On my flintlock oil would interfere with the fly working correctly. Cleaned the parts and use WD-40 Dry lube in that area and it has worked perfect ever since. Keep working at it sorting ideas, you will feel great when you win!!
 
I agree with the consensus that the fly is the culprit here. It does look to be shaped left handed.

The reason it will work out of the stock / in your hand is that when we trigger by hand we tend to keep pressure on the sear while the hammer/tumbler drops past half cock before relaxing our grip. (we don't want to drop the lock) This holds the sear off the tumbler/bevel just enough to clear the catch. In the stock The set triggers strike the sear bar allowing it back down on the tumbler to ride the bevel all the way around. That fly shaped so the steep side catches on the sear while moving to half cock moving the fly out of the way allowing the sear to engage the notch. When drawn to full cock, the sear is dragged over the fly and back to the full cock notch. When fired, the sear rides that fly on the sloped side to allow it to lift over the half cock notch.

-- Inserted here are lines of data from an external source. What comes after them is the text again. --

Lemma der0 : delta 0 = 0.
Proof. by apply: (addrI (delta 0)); rewrite -derD !addr0. Qed.
Lemma derB x y : delta (x - y) = delta x - delta y.
Proof. by apply/eqP; rewrite eq_sym subr_eq -derD subrK. Qed.
Lemma der1 : delta 1 = 0.
Proof. by case: delta_der => _ _ /(_ 1); rewrite scale1r. Qed.
Lemma derZ r x : delta (r *: x) = r *: delta x.
Proof.
case: delta_der => _ _ der_alg.
by rewrite -mulr_algl derM der_alg mulr0 addr0 rmorph_alg mulr_algl.
Qed.
Lemma der_sum (I : Type) (s : seq I) (F : I -> X) :
  delta (\sum_(i <- s) F i) = \sum_(i <- s) delta (F i).
Proof. by elim: s => [|i s IHs]; rewrite ?big_nil ?der0 // !big_cons derD IHs. Qed.

Definition dual_of_der (x : X) : dual C := Dual (f x) (delta x).

Lemma dual_of_der_linear : linear dual_of_der.
Proof. by move=> r x y; rewrite /dual_of_der derD derZ linearP. Qed.
Lemma dual_of_der_multiplicative : multiplicative dual_of_der.
Proof.
split=> [x y|]; last by rewrite /dual_of_der der1 rmorph1.
by rewrite /dual_of_der derM rmorphM /GRing.mul /= /dual_mul /= (mulrC (delta x)).
Qed.
HB.instance Definition _ :=
  GRing.isLinear.Build R X (dual C) *:%R dual_of_der dual_of_der_linear.
HB.instance Definition _ :=
  GRing.isMultiplicative.Build X (dual C) dual_of_der dual_of_der_multiplicative.

Definition der_lrmorphism : {lrmorphism X -> dual C} := dual_of_der.

End Derivations.

Lemma der_comp (R : comPzRingType) (X Y C : comAlgType R) (f : X -> Y)
    (delta : X -> Y) (g : {lrmorphism Y -> C}) (f' : X -> C) :
  is_derivation f delta -> g \o f =1 f' -> is_derivation f' (g \o delta).
Proof.
move=> [derD derM der_alg] eq_f; split=> [x y|x y|r] /=.
- by rewrite derD rmorphD.
- by rewrite derM rmorphD !rmorphM -!eq_f.
- by rewrite der_alg rmorph0.
Qed.
Lemma ae_hit_every_block :
  (forall r : nat -> R, (forall k, 0 < r k) -> (forall k, B (r k.+1) `<=` B (r k)) ->
     (\sum_(0 <= k <oo) mu (B (r k)) = +oo)%E -> SBC T mu (fun k => B (r k))) ->
  {ae mu, forall x, \forall j \near \oo,
    exists2 k, (N j <= k < N j.+1)%N & B (u j) (iter k.+1 T x)}.
Proof.
move=> sbc; pose rho k := u (block N k); have c_gt0 j : 0 < c j := m_gt0 (u_gt0 j).
have sum_rho j : \sum_(k < N j) fine (mu (B (rho k))) = (doubling_state (fun j => c j) j).2.
  by rewrite -sum_doubling_blocks big_mkord.
have : SBC T mu (fun k => B (rho k)).
  apply: sbc => [k|k|]; first exact: u_gt0.
    by apply: le_B; apply: le_u; exact: block_homo N0 N_ltS _ _ (leqnSn k).
  apply: (nneseries_eqy (n := N)) => [k|j]; first exact: measure_ge0.
  under eq_bigr do rewrite muBE; rewrite sumEFin lee_fin big_mkord sum_rho.
  exact: doubling_blocks_ge c_gt0 j.
have S_gt0 j : (0 < j)%N -> 0 < \sum_(k < N j) fine (mu (B (rho k))).
  by rewrite sum_rho => j0; apply: lt_le_trans (doubling_blocks_ge c_gt0 j); rewrite ltr0n.
have S_gap j : 3 * \sum_(k < N j) fine (mu (B (rho k))) <= \sum_(k < N j.+1) fine (mu (B (rho k))).
  by rewrite !sum_rho; have := doubling_blocks_gap c_gt0 j; lra.
apply: filterS => x /ratio_cvg1_jumps/(_ (leq_block_start N_ltS) S_gt0 S_gap).
apply: filterS => j /eqP jump; apply: contrapT => nohit; apply: jump.
set f := fun k : nat => (`[< B (rho k) (iter k.+1 T x) >]%:R : R).
rewrite -/(\sum_(k < N j) f k) -/(\sum_(k < N j.+1) f k).
rewrite -!(big_mkord xpredT f) [RHS](@big_cat_nat _ _ _ (N j)) //= ?(ltnW (N_ltS j)) //.
rewrite [X in _ + X]big_nat_cond [X in _ + X]big1 ?addr0 // => k /andP[/= kj _].
by rewrite /f asboolF // /rho (blockE N0 N_ltS kj) => Bk; apply: nohit; exists k.
Qed.

End sbc_blocks.

Section right_continuous.
Hypothesis B_rcont : forall r, B r = \bigcap_n B (r + n.+1%:R^-1).

Lemma threshold_radius th : 0 < th -> th < 1 ->
  exists u, [/\ 0 < u, th <= m u & forall r, r < u -> m r < th].
Proof.
move=> th0 th1; pose S := [set r | m r < th].
have [r0 r00 hr0] := m_small th0; have [r1 hr1] := m_large th1.
have S0 : S !=set0 by exists r0.
have supS : has_sup S.
  split => //; exists r1 => r Sr; rewrite leNgt; apply/negP => /ltW/le_m.
  by rewrite /S /= in Sr; lra.
have S_ub := sup_upper_bound supS.
exists (sup S); split; first exact: lt_le_trans r00 (S_ub _ hr0).
- pose F n := B (sup S + n.+1%:R^-1).
  have mF n : measurable (F n) := measurableB _.
  have niF : nonincreasing_seq F.
    move=> i j ij; apply/subsetPset/le_B.
    by rewrite lerD2l lef_pV2 ?posrE ?ltr0n // ler_nat.
  have mIF : measurable (\bigcap_n F n) by exact: bigcap_measurable.
  have muF0 : (mu (F 0%N) < +oo)%E by rewrite muBE ltry.
  have := nonincreasing_cvg_mu muF0 mF mIF niF.
  rewrite -B_rcont -lee_fin -muBE => /cvge_lb; apply => n /=.
  rewrite muBE lee_fin leNgt; apply/negP => /S_ub.
  by rewrite gerDl leNgt invr_gt0 ltr0n.
- by move=> r /(sup_gt S0)[t St rt]; exact: le_lt_trans (le_m (ltW rt)) St.
Qed.

Lemma hratio_upper_bound_sbc q : (0 < q)%N ->
  (forall r : nat -> R, (forall k, 0 < r k) -> (forall k, B (r k.+1) `<=` B (r k)) ->
     (\sum_(0 <= k <oo) mu (B (r k)) = +oo)%E -> SBC T mu (fun k => B (r k))) ->
  {ae mu, forall x, \forall r \near 0^'+,
    (hratio T mu (B r) x <= ((q%:R + 3) / q%:R)%:E)%E}.
Proof.
move=> q0 sbc; pose th := @geom_scale R 3 q; have b3 : (1 < 3)%N by [].
have /choice[u uP] := fun j => threshold_radius (geom_scale_gt0 q b3 j) (geom_scale_lt1 b3 q0 j).
have {uP}[u_gt0 th_mu mu_th] := all_and3 uP.
have le_u : {homo u : i j / (i <= j)%N >-> j <= i}.
  move=> i j ij; rewrite leNgt; apply/negP => /mu_th mth.
  by have := lt_le_trans mth (geom_scale_antitone q b3 ij); rewrite ltNge th_mu.
have N_le := doubling_blocks_le_pow (fun j => m_gt0 (u_gt0 j)) (fun j => m_le1 _) th_mu.
apply: filterS (ae_hit_every_block u_gt0 le_u sbc) => x [J _ hit].
pose K := maxn J q; apply/near_right0P; exists (u K) => // r r0 ruK.
have mr0 := m_gt0 r0; have [n thn] := exists_geom_scale_lt b3 q0 mr0.
have ur i : th i < m r -> u i <= r.
  by move=> thr; rewrite leNgt; apply/negP => /mu_th/(lt_nsym thr).
have notuK : ~ u K <= r by apply/negP; rewrite -ltNge.
have [j Kj [/negP rj uj]] := @exists_crossing (fun i => u i <= r) K (maxn K n)
  (leq_maxl _ _) notuK (ur _ (le_lt_trans (geom_scale_antitone q b3 (leq_maxr _ _)) thn)).
rewrite -ltNge in rj.
have [k /andP[_ kN] Bk] := hit j.+1 (leq_trans (leq_maxl J q) (leq_trans Kj (leqnSn j))).
apply: (@hratio_le _ _ _ T mu (B r) x _ k.+1) => //.
- by rewrite mr0 (lt_trans (mu_th j r rj)) ?geom_scale_lt1.
- exact: le_B uj _ Bk.
have lnk : ln k.+1%:R <= (j.+2 * q.+1)%:R * ln 3 :> R.
  rewrite mulr_natl -lnXn // ler_ln ?posrE ?ltr0n ?exprn_gt0 //.
  by apply: le_trans (N_le j.+2); rewrite ler_nat.
have lnmr : (j.+1 * q)%:R * ln 3 <= - ln (m r).
  by rewrite -(ln_geom_scale _ b3) lerN2 ler_ln ?posrE ?geom_scale_gt0 // ltW // mu_th.
have qj : (q%:R : R) <= j%:R by rewrite ler_nat (leq_trans (leq_maxr J q) Kj).
have q_gt0 : (0 : R) < q%:R by rewrite ltr0n.
have ln3_gt0 : (0 : R) < ln 3 by rewrite ln_gt0 // ltr1n.
apply: le_trans lnk _; apply: le_trans (ler_wpM2l _ lnmr); last by rewrite divr_ge0 // addr_ge0.
rewrite natrM -[j.+2]addn2 -[q.+1]addn1 -[j.+1]addn1 !natrD natrM.
rewrite (_ : _ / _ * _ = (q%:R + 3) * (j%:R + 1) * ln 3); last by field; rewrite gt_eqF.
nra.
Qed.

Lemma ae_lim_hratio :
  (forall r : nat -> R, (forall k, 0 < r k) -> (forall k, B (r k.+1) `<=` B (r k)) ->
     (\sum_(0 <= k <oo) mu (B (r k)) = +oo)%E -> SBC T mu (fun k => B (r k))) ->
  {ae mu, forall x, hratio T mu (B r) x @[r --> 0^'+] --> 1%E}.
Proof.
move=> sbc.
apply: filterS2 (ae_foralln (fun q => hratio_lower_bound (ltn0Sn q)))
  (ae_foralln (fun q => hratio_upper_bound_sbc (ltn0Sn q) sbc)) => x lb ub.
apply: cvge_right0 => e e0; have [q [lbq _ ubq]] := exists_close_ratios e0.
apply: filterS2 (lb q) (ub q) => r lbr ubr.
by rewrite (le_trans _ lbr) ?(le_trans ubr) // lee_fin.
Qed.

End right_continuous.

(* Radius s j is used throughout block j. Every block then contributes at
   least 1 to the measure series, and the bound on m (s j) makes a visit
   during block j cheap. *)
Lemma exists_sparse_radii q : exists (N : nat -> nat) (s : nat -> R), [/\ N 0 = 0%N,
  forall j, N j.+1 = (N j + (Num.truncn (m (s j))^-1).+1)%N,
  forall j, 0 < s j, forall j, s j.+1 <= s j &
  forall j, m (s j) <= ((N j + 2)%:R ^+ q)^-1].
Proof.
pose next (st : nat * R) := (st.1 + (Num.truncn (m st.2)^-1).+1)%N.
pose step (st st' : nat * R) := [/\ st'.1 = next st, 0 < st'.2,
  0 < st.2 -> st'.2 <= st.2 & m st'.2 <= ((st'.1 + 2)%:R ^+ q)^-1].
have target_gt0 n : 0 < ((n + 2)%:R ^+ q)^-1 :> R by rewrite invr_gt0 exprn_gt0 // ltr0n addn2.
have small n b : exists2 s', 0 < s' & (0 < b -> s' <= b) /\ m s' <= ((n + 2)%:R ^+ q)^-1.
  have [s' s'0 ms'] := m_small (target_gt0 n).
  exists (if 0 < b then Num.min s' b else s').
    by case: ifP => b0; rewrite ?lt_min ?s'0.
  split; first by move=> ->; rewrite ge_min lexx orbT.
  by apply: ltW; apply: le_lt_trans ms'; case: ifP => // _; apply: le_m; rewrite ge_min lexx.
have [s0 s00 [_ ms0]] := small 0%N 1.
have stepP st : exists st', step st st'.
  have [s' s'0 [s'b ms']] := small (next st) st.2.
  by exists (next st, s').
have [f [f0 fS]] := dependent_choice (fun st => cid (stepP st)) (0%N, s0).
exists (fun j => (f j).1), (fun j => (f j).2).
have s_gt0 j : 0 < (f j).2 by case: j => [|j]; [rewrite f0 | case: (fS j)].
split => [|j|//|j|[|j]]; first by rewrite f0.
- by case: (fS j).
- by case: (fS j) => _ _ /(_ (s_gt0 j)).
- by rewrite f0.
- by case: (fS j).
Qed.

Lemma sparse_radii_small q (N : nat -> nat) (s : nat -> R) : (0 < q)%N ->
  (forall j, (j <= N j)%N) -> (forall j, m (s j) <= ((N j + 2)%:R ^+ q)^-1) ->
  forall dl, 0 < dl -> exists n, s n < dl.
Proof.
move=> q0 leN ms dl dl0; have [n hn] := exists_inv_nat_lt (m_gt0 dl0); exists n.
rewrite ltNge; apply/negP => /le_m; apply/negP; rewrite -ltNge.
apply: le_lt_trans (ms n) (le_lt_trans _ hn).
rewrite lef_pV2 ?posrE ?exprn_gt0 ?ltr0n ?addn2 // -natrX ler_nat.
by rewrite (leq_trans _ (leq_pexp2l _ q0)) ?addn2 // expn1 ltnS leqW.
Qed.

It's probably intermittent because sometimes the sear just has the right velocity and loose tolerance that it jumps the fly.
 
Parts are much bigger on a Pratt and Whitney aircraft engine. @Sun City, you have also had extensive training on the engine and you are familiar with the parts.

You will need a main spring vise to relieve the tension of the mainspring so the mainspring can be safely removed from the lock. A screwdriver isn't the only tool you will need.
Mainspring Vise, to safely compress a mainspring - Track of the Wolf

In the picture below, @Erzulis boat is showing the tumbler with the bridle removed to show the fly. Its the little piece in the notch of the tumbler and the sear is resting on the fly. It has pushed the fly over the half cock notch and will ride over the notch and continue to rotate to strike the frizzen, make sparks and set off the charge in the pan

View attachment 98380


View attachment 98381

The half cock notch is just above the B in bevel. The nose of your sear is resting in the full cock notch. The bevel of the fly can also be seen and is facing the half cock notch when it should be facing the full cock and the nose of the sear.

Now that you, @Sun City, have the lock out and the hammer in full cock, does the fly move easily in the notch in the tumbler? If the bridle screws are too tight, that may bind the fly in the notch in the tumbler. Back the sear screw out 1/4 to 1/2 turn. Does the fly move freely in the tumbler? Pull the hammer back slightly to get the nose of the sear out of the full cock notch. Lift the sear to allow the tumbler to begin to rotate past the nose of the sear and allow the nose of the sear to ride on the tumbler. The nose of the sear should push the fly forward to cover the half cock notch. Now the nose of the sear will ride on the fly and pass over the half cock notch. If the fly is installed backwards the nose of the sear will stop on the fly.

If you don't have the spring vise to take the lock apart, find a muzzle loading rifle gun smith to take the lock apart and install the fly correctly.
A ML gunsmith in these parts would be akin to the Good Lord coming down every day at high noon and giving me a special blessing!
 
The problem is still the fly. @Versanaut is correct in that the fly is the problem and is is hard to duplicate the problem without practice in lowering the hammer with the lock out of the mortise. Most of us lift the sear too high and the hammer makes the complete fall.

Could we see a picture of your lock with the bridle removed and the fly in the tumbler?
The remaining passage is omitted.